But Enough About Book Promotion...
I've been distracted the last couple of days, and the few times I stopped to think about "business", I questioned why I should care. Yes, I dutifully pulled up my Amazon ad manager and took a quick glance, but the fact that I've gotten so few clicks didn't depress me or even truly register.
The reason I write in the genre that I do, whatever that genre is, is that I'm fascinated by human behavior. Maybe that's genetic or maybe it's because of the circumstances in which I grew up, but I constantly look past people's words to find their true intentions.
I think that's why the events of the last few days have sort of numbed me. I've seen glorious intent behind some people's words, but I've also seen a whole lot of...ghoulishness. And I keep trying to figure out why people are the way they are. I haven't solved it yet.
Even my husband doesn't recognize my depressed state, because I'm quite adept at masking my feelings (again, due to the way I grew up). I find that most people are much easier to read; and maybe the ghouls are simply devoid of feelings. I can't watch someone be murdered, no matter who it is, and not be horrified, much less celebratory. I can't not think of that person's children, who don't and can't understand, and feel merciless toward them. Feel "righteous".
How did a whole swath of people get this way? It has to be nurture, not nature, because nature abhors violence. Did they never in their lives experience grace?
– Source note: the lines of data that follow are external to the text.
Lemma nth_filter_mem (T : Type) (x0 : T) (P : pred T) (s : seq T) i :
  (i < size (filter P s))%N ->
  exists j, [/\ (j < size s)%N, nth x0 (filter P s) i = nth x0 s j & P (nth x0 s j)].
Proof.
elim: s i => [//|a s IH] i /=.
case Pa: (P a) => /=; last by move=> /IH [j [? ? ?]]; exists j.+1.
by case: i => [|i] /= => [_|/IH [j [? ? ?]]]; [exists 0%N | exists j.+1].
Qed.

Section EnvOrders.
Variables (n : nat) (le : rel (mono n)).
Hypothesis le_adm : admissible le.
Local Notation lt := (strict le).

(* [exp_fold (a, b)] is the leading exponent of [m (x^a (x) x^(b^op))]. *)
Definition left_sided (o : env_kind) : bool :=
  match o with EStar | EUpC => true | ELowStar | ELowC => false end.

Definition exp_lift o (a : mono n) : mono n * mono n :=
  if left_sided o then (a, mzero n) else (mzero n, mrev a).

Definition on_lift_axis o (ab : mono n * mono n) : bool :=
  if left_sided o then ab.2 == mzero n else ab.1 == mzero n.

Definition exp_fold (ab : mono n * mono n) : mono n := madd ab.1 (mrev ab.2).

Lemma exp_fold_lift o a : exp_fold (exp_lift o a) = a.
Proof.
by rewrite /exp_fold /exp_lift; case: left_sided; rewrite /= ?mrev0 ?madd0 ?add0m ?mrevK.
Qed.

Lemma exp_fold_madd2 u v : exp_fold (madd2 u v) = madd (exp_fold u) (exp_fold v).
Proof. by apply/ffunP => i; rewrite !ffunE; lia. Qed.

Lemma on_lift_axis_madd2 o u v a : madd2 u v = exp_lift o a -> on_lift_axis o u.
Proof.
rewrite /exp_lift /on_lift_axis /madd2.
by case: left_sided => -[e1 e2]; apply/eqP; [apply: madd_eq0 e2 | apply: madd_eq0 e1].
Qed.

Lemma env_ltxx o ab : env_lt le o ab ab = false.
Proof. by case: ab => a b; case: o; rewrite /env_lt /= !ltxx ?andbF. Qed.

Lemma env_lt_lift o a b : lt a b -> env_lt le o (exp_lift o a) (exp_lift o b).
Proof.
by move=> ab; case: o; rewrite /env_lt /exp_lift /= ?mrev0 ?madd0 ?add0m ?mrevK ?ltxx ?eqxx ?ab.
Qed.

Lemma env_lt_fold o ab ab' : on_lift_axis o ab' ->
  env_lt le o ab ab' -> lt (exp_fold ab) (exp_fold ab').
Proof.
case: ab ab' => [a b] [a' b']; rewrite /on_lift_axis /exp_fold.
case: o => /= /eqP ->; rewrite /env_lt ?mrev0 ?(ltm0 le_adm) /=.
- by case/andP=> /eqP -> ab; rewrite mrev0 !madd0.
- by case/andP=> /eqP -> ab; rewrite !add0m.
- by rewrite andbF orbF.
- by rewrite andbF orbF.
Qed.

End EnvOrders.

Section Enveloping.
Variables (k : fieldType) (R E : algType k) (n : nat) (x : 'I_n -> R)
    (q : 'I_n -> 'I_n -> k) (p : 'I_n -> 'I_n -> R) (le : rel (mono n))
    (lam rho : R -> E) (m : E -> R).
Hypotheses (hP : is_PBW x q p le) (henv : is_env x lam rho) (hm : is_mult_map lam rho m).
Were their maturing years comprised of a step-by-step guide to adulthood, like an invisible flow chart, devoid of human interaction and emotion? I don't know. I suspect that's part of it. Maybe their parents were so self-involved that the kids were an afterthought. Left to figure life out on one's own, it's probably easy to become feral. Dog-eat-dog and all that. Lord of the Flies.
Too, I think the lack of empathy points to a comfortable life, where nothing truly bad ever happened, aside from the disregard they experienced growing up, which they still haven't explored, much less acknowledged. But in physical terms, nothing catastrophic ever happened to them, so real life evil is like watching a movie--kind of interesting for a couple of hours--but now they've got other things to do. Or if they're truly depraved, they'll watch the video of the killing over and over and thrust their arms in the air in triumph every time.
A lot of people see good guys and bad guys, no in-between guys. You're either all bad or impossibly good. I, too, enjoy spending time with people who agree with me, but I don't have the urge to kill those who don't. Or cheer if they die in a car accident. There was only one person in the course of my life who really f'd me up; it was many years ago, and every time she crossed my mind since, my eyes would narrow in anger. She's still around (yes, I have looked her up), but you know what? I don't wish for anything catastrophic to happen to her. I don't want her to get cancer or suffer a tragic boating accident. She can go her way and I can go mine, and that's that.
My fiction leans heavily on emotion, not the self-pitying kind, but the true-to-life feelings my characters experience. I would be the worst thriller writer in history, because for me, big events are only the backdrop for a character's reactions. I write the gamut of human emotions--except for evil. These are my worlds, and there's no room for depravity in my worlds. I refuse to dwell on that, even to "work things out" for myself. I don't know if I'll ever figure out what drives real-life evil, but as much as I try to understand human behavior, it's better for me to not make it my life's work.
Tomorrow I'll get on with things; get back to bemoaning my publishing failures. When I think about it, that's what the kids call my "safe space". It's predictable, which makes it almost comforting.
I need all the comforting I can get.